Who said there is no place for a striker in a Pep Guardiola side? For Manchester City, the early evidence suggests the addition of a classic No 9 is not going to disrupt Guardiola’s passing machine. If anything the champions look even more dangerous with someone running in behind and, if there is a consolation for West Ham after they opened their campaign with a limp 2-0 defeat, it is that they will surely not be the last side to suffer against De Bruyne and Haaland.
There were 65 minutes on the clock when they finally clicked. First came the vision of De Bruyne, whose pass ripped West Ham apart, then the deadliness of Haaland. The Norwegian’s run was perfectly timed and, as he added to his first‑half penalty by sliding the ball past Alphonse Areola, it was difficult not to conclude that City’s star signing is already on the same wavelength as his new teammates.
For City, the focus over the summer was staying motivated. In a sense Guardiola has followed Sir Alex Ferguson’s formula of renovating from a position of strength, selling Raheem Sterling, Gabriel Jesus and Oleksandr Zinchenko, but the principles remain intact. It is about evolution rather than revolution and this was more or less the same City, albeit with one crucial difference: an attack led not by a twinkle-toed midfielder, but a muscular target man whose primary function is scoring goals.
The eyes were instantly drawn to Haaland. It even seemed that there were questions for the 22-year-old to answer after some nervy finishing during City’s defeat to Liverpool in the Community Shield. For instance, would the physicality of English football be too much for him? And just what did Guardiola have in store for the former Borussia Dortmund striker? A stint at left-back? A tactical role on the right flank?
The answer, of course, was to put Haaland through the middle, with Phil Foden and Jack Grealish on the wings, De Bruyne floating ominously and Ilkay Gündoğan pushing forward from midfield to unsettle West Ham’s low block.
The effect was that City’s superiority was absolute. They started slowly, almost going behind when Michail Antonio headed over, but soon took control. For West Ham, who turned up with Kurt Zouma as their only fit centre-back, there was no way out of their own half.
West Ham wanted to hit City on the break, with Jarrod Bowen’s runs in from the right flank a concern for João Cancelo, but a lack of quality let them down. Manuel Lanzini and Pablo Fornals were quiet and, while Declan Rice tried to drive his side on, West Ham’s captain mostly found himself forced back.
A City goal was coming. After 21 minutes Foden cut in from the right and crossed for Haaland, who crept away from Ben Johnson and grimaced after bungling his header. It was a poor miss from Haaland, though he would eventually find his touch.
A crowd of 62,500 had roared David Moyes’s side on at the start, but the atmosphere quickly faded. At times there was even the sense of the Moyes project growing a little stale.

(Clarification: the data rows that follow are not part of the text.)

(* Let $G$ be a finite abelian group of order $n$, let $\hat G=\{\psi_1,\dots,\psi_n\}$ be its dual group, and for $\chi\in\hat G^n$ let $a_i$ be the number of coordinates of $\chi$ equal to $\psi_i$ (so $a_1+\cdots+a_n=n$). Let $H=H(\chi)=\frac1n\log\binom{n}{a_1,\dots,a_n}$. If $H\ge(\log n)^{-100}$ then \[ H=\Big(1+O\Big(\frac{\log\log n}{\log n}\Big)\Big)\sum_{i=1}^n\frac{a_i}{n}\log\frac{n}{a_i}, \] where terms with $a_i=0$ are interpreted as $0$ and the implied constant is absolute.
   Context: $\binom{n}{a_1,\dots,a_n}=\frac{n!}{a_1!\cdots a_n!}$ is the multinomial coefficient. *)

From mathcomp Require Import all_boot all_order all_algebra all_fingroup all_solvable all_field all_character.
From Stdlib Require Import Reals.
Set Implicit Arguments. Unset Strict Implicit. Unset Printing Implicit Defensive.

(* The dual group of a finite abelian group G is represented by the
   irreducible (= linear, since G is abelian) characters irr G, indexed by
   Iirr G; for abelian G there are exactly #|G| of them. *)

Definition counts (gT : finGroupType) (G : {group gT}) (n : nat)
  (chi : 'I_n -> Iirr G) (i : Iirr G) : nat := #|[set j | chi j == i]|.

Definition multinom (gT : finGroupType) (G : {group gT}) (n : nat)
  (a : Iirr G -> nat) : nat := n`! %/ \prod_(i : Iirr G) (a i)`!.

Definition Hent (gT : finGroupType) (G : {group gT}) (n : nat)
  (chi : 'I_n -> Iirr G) : R :=
  (/ INR n * ln (INR (@multinom gT G n (counts chi))))%R.

Definition Sent (gT : finGroupType) (G : {group gT}) (n : nat)
  (chi : 'I_n -> Iirr G) : R :=
  \big[Rplus/0%R]_(i : Iirr G)
     (if counts chi i == 0%N then 0%R
      else (INR (counts chi i) / INR n * ln (INR n / INR (counts chi i)))%R).

From mathcomp Require Import all_boot all_order all_algebra all_fingroup all_solvable all_field all_character.
From Stdlib Require Import Reals Lra.
From HB Require Import structures.

(* Let rho(m) = ln m! - (m ln m - m) be the remainder in Stirling's formula.
   Since a_1 + ... + a_n = n, the linear terms cancel and
   n (S - H) = sum_i rho(a_i) - rho(n), where S is the entropy sum.
   The binomial estimate C(m+k, m) m^m k^k <= (m+k)^(m+k) makes rho
   subadditive, whence H <= S.  Conversely rho is nondecreasing with
   rho(m) <= 1 + ln m; bounding rho(n) below by rho(a_max) leaves only indices
   with 2 a_i <= n, and for those ln n (1 + ln a_i) <= 8 a_i ln (n / a_i). *)

(* Stdlib's Reals rebinds [^] in nat_scope to Nat.pow. *)
Local Notation "m ^ n" := (expn m n) : nat_scope.

Lemma prod_fact_dvd_fact_sum [I : Type] (r : seq I) (a : I -> nat) :
  \prod_(i <- r) (a i)`! %| (\sum_(i <- r) a i)`!.
Proof.
elim: r => [|i r IHr]; first by rewrite !big_nil.
rewrite !big_cons -(bin_fact (leq_addr (\sum_(j <- r) a j) (a i))) addKn.
by rewrite dvdn_mull // dvdn_mul.
Qed.

Lemma bin_mul_expn_le m k : 'C(m + k, m) * m ^ m * k ^ k <= (m + k) ^ (m + k).
Proof.
rewrite [in X in _ <= X ^ _]addnC expnDn.
have lt_m : m < (m + k).+1 by rewrite ltnS leq_addr.
rewrite (bigD1 (Ordinal lt_m)) //= addKn -mulnA (mulnC (m ^ m)).
exact: leq_addr.
Qed.

Lemma double_le_sum_max (I : finType) (a : I -> nat) i j :
  (forall k, a k <= a j) -> i != j -> 2 * a i <= \sum_k a k.
Proof.
move=> max_j neq_ij; rewrite (bigD1 j) //= (bigD1 i neq_ij) /=.
by rewrite mul2n -addnn addnA (leq_trans _ (leq_addr _ _)) // leq_add2r.
Qed.

Open Scope R_scope.

Lemma INR_pos [m : nat] : (0 < m)%nat -> 0 < INR m.
Proof. by move=> m_gt0; apply/lt_0_INR/ltP. Qed.

Lemma INR_expn (m k : nat) : INR (m ^ k) = INR m ^ k.
Proof. by elim: k => [|k IHk]; rewrite ?expn0 // expnS mult_INR IHk. Qed.

Lemma ln_INR_expn (m k : nat) : (0 < m)%nat -> ln (INR (m ^ k)) = INR k * ln (INR m).
Proof. by move=> m_gt0; rewrite INR_expn ln_pow //; apply: INR_pos. Qed.

Lemma RplusA : associative Rplus.
Proof. by move=> x y z; rewrite Rplus_assoc. Qed.

HB.instance Definition _ := Monoid.isComLaw.Build R 0 Rplus RplusA Rplus_comm Rplus_0_l.

Section RealSums.
Variables (I : Type) (r : seq I) (P : pred I).

Lemma Rmult_sumr c (F : I -> R) :
  c * \big[Rplus/0]_(i <- r | P i) F i = \big[Rplus/0]_(i <- r | P i) (c * F i).
Proof.
apply: (big_endo (fun x => c * x)); last exact: Rmult_0_r.
by move=> x y; rewrite Rmult_plus_distr_l.
Qed.

Lemma Rmult_suml c (F : I -> R) :
  \big[Rplus/0]_(i <- r | P i) F i * c = \big[Rplus/0]_(i <- r | P i) (F i * c).
Proof.
apply: (big_endo (fun x => x * c)); last exact: Rmult_0_l.
by move=> x y; rewrite Rmult_plus_distr_r.
Qed.

Lemma sumRB (F G : I -> R) :
  \big[Rplus/0]_(i <- r | P i) (F i - G i) =
  \big[Rplus/0]_(i <- r | P i) F i - \big[Rplus/0]_(i <- r | P i) G i.
Proof.
rewrite /Rminus big_split /=; congr (_ + _).
by apply: esym; apply: (big_endo Ropp); [exact: Ropp_plus_distr | exact: Ropp_0].
Qed.

Lemma Rle_sum (F G : I -> R) : (forall i, P i -> F i <= G i) ->
  \big[Rplus/0]_(i <- r | P i) F i <= \big[Rplus/0]_(i <- r | P i) G i.
Proof.
move=> le_FG; apply: (big_ind2 Rle) => //; first exact: Rle_refl.
by move=> *; apply: Rplus_le_compat.
Qed.

Lemma INR_sum (a : I -> nat) :
  INR (\sum_(i <- r | P i) a i) = \big[Rplus/0]_(i <- r | P i) INR (a i).
Proof. by apply: (big_morph INR) => //; exact: plus_INR. Qed.

Lemma ln_INR_prod (a : I -> nat) : (forall i, 0 < a i)%nat ->
  ln (INR (\prod_(i <- r | P i) a i)) = \big[Rplus/0]_(i <- r | P i) ln (INR (a i)).
Proof.
move=> a_gt0; elim: r => [|i s IHs]; first by rewrite !big_nil ln_1.
rewrite !big_cons; case: (P i) => //.
rewrite mult_INR ln_mult ?IHs //; apply: INR_pos => //.
exact: prodn_gt0.
Qed.

End RealSums.

Lemma ln_le x y : 0 < x -> x <= y -> ln x <= ln y.
Proof. by move=> x_gt0 [/(ln_increasing _ _ x_gt0)/Rlt_le | ->] //; apply: Rle_refl. Qed.

Lemma ln_0 : ln 0 = 0.
Proof. by rewrite /ln; case: Rlt_dec => // lt00; case: (Rlt_irrefl _ lt00). Qed.

Lemma ln_INR_ge0 (m : nat) : 0 <= ln (INR m).
Proof.
case: m => [|m]; first by rewrite ln_0; lra.
by rewrite -ln_1; apply: ln_le; [lra | apply: (le_INR 1)]; apply/leP.
Qed.

Lemma ln_le_subr1 x : 0 < x -> ln x <= x - 1.
Proof. by move=> x_gt0; have := exp_ineq1_le (ln x); rewrite exp_ln //; lra. Qed.

Lemma ln_succ_sub_le x : 0 < x -> x * (ln (x + 1) - ln x) <= 1.
Proof.
move=> x_gt0.
have := ln_le_subr1 ((x + 1) / x) ltac:(apply: Rdiv_lt_0_compat; lra).
rewrite /Rdiv ln_mult ?ln_Rinv; try apply: Rinv_0_lt_compat; try lra.
have -> : (x + 1) * / x - 1 = / x by field; lra.
move=> le_inv; rewrite -{2}(Rinv_r x); last lra.
by apply: Rmult_le_compat_l; lra.
Qed.

Lemma ln_succ_sub_ge x : 0 < x -> 1 <= (x + 1) * (ln (x + 1) - ln x).
Proof.
move=> x_gt0.
have := ln_le_subr1 (x / (x + 1)) ltac:(apply: Rdiv_lt_0_compat; lra).
rewrite /Rdiv ln_mult ?ln_Rinv; try apply: Rinv_0_lt_compat; try lra.
have -> : x * / (x + 1) - 1 = - / (x + 1) by field; lra.
move=> le_inv; rewrite -{1}(Rinv_r (x + 1)); last lra.
by apply: Rmult_le_compat_l; lra.
Qed.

With Antonio unable to hold the ball up for a passive West Ham, the pressure became incessant. The game was bent to Guardiola’s tactical will. Moyes sighed as he noted how City’s full-backs, Kyle Walker and Cancelo, constantly moved inside to support Rodri in defensive midfield. West Ham had not prepared for City to do that and Moyes cut a resigned figure after being asked if he could have done anything to alter the pattern of play. “I’d loved to have done that,” the Scot said. “Have you got an idea?”
West Ham’s midfield screeners, Rice and Tomas Soucek, had no control. City always had men over and the ploy eventually brought a reward. Gündoğan turned and played the pass, Haaland beat Johnson again and Areola, who was on for the injured Lukasz Fabianski, brought the forward down.
It was a clear penalty and there was no doubt in Haaland’s mind when he grabbed the ball. The finish was unerring, a left-footed strike arrowed into the bottom-right corner, with Areola sent the wrong way.
West Ham, who started with none of their summer signings, needed a fresh approach. They improved in the second half and Moyes gambled, introducing his new £35.5m striker, Gianluca Scamacca, for Antonio.
There were brief flickers from West Ham. Saïd Benrahma, also on as a substitute, gave Ederson something to do. Rice shot over.
Yet City always looked likely to score again. Gündoğan went close and the game was safe when De Bruyne took charge. The pass was a thing of wondrous beauty and, as Haaland peeled down the inside-right channel and worked the ball on to his left foot, there cannot have been a single person who thought he was going to miss.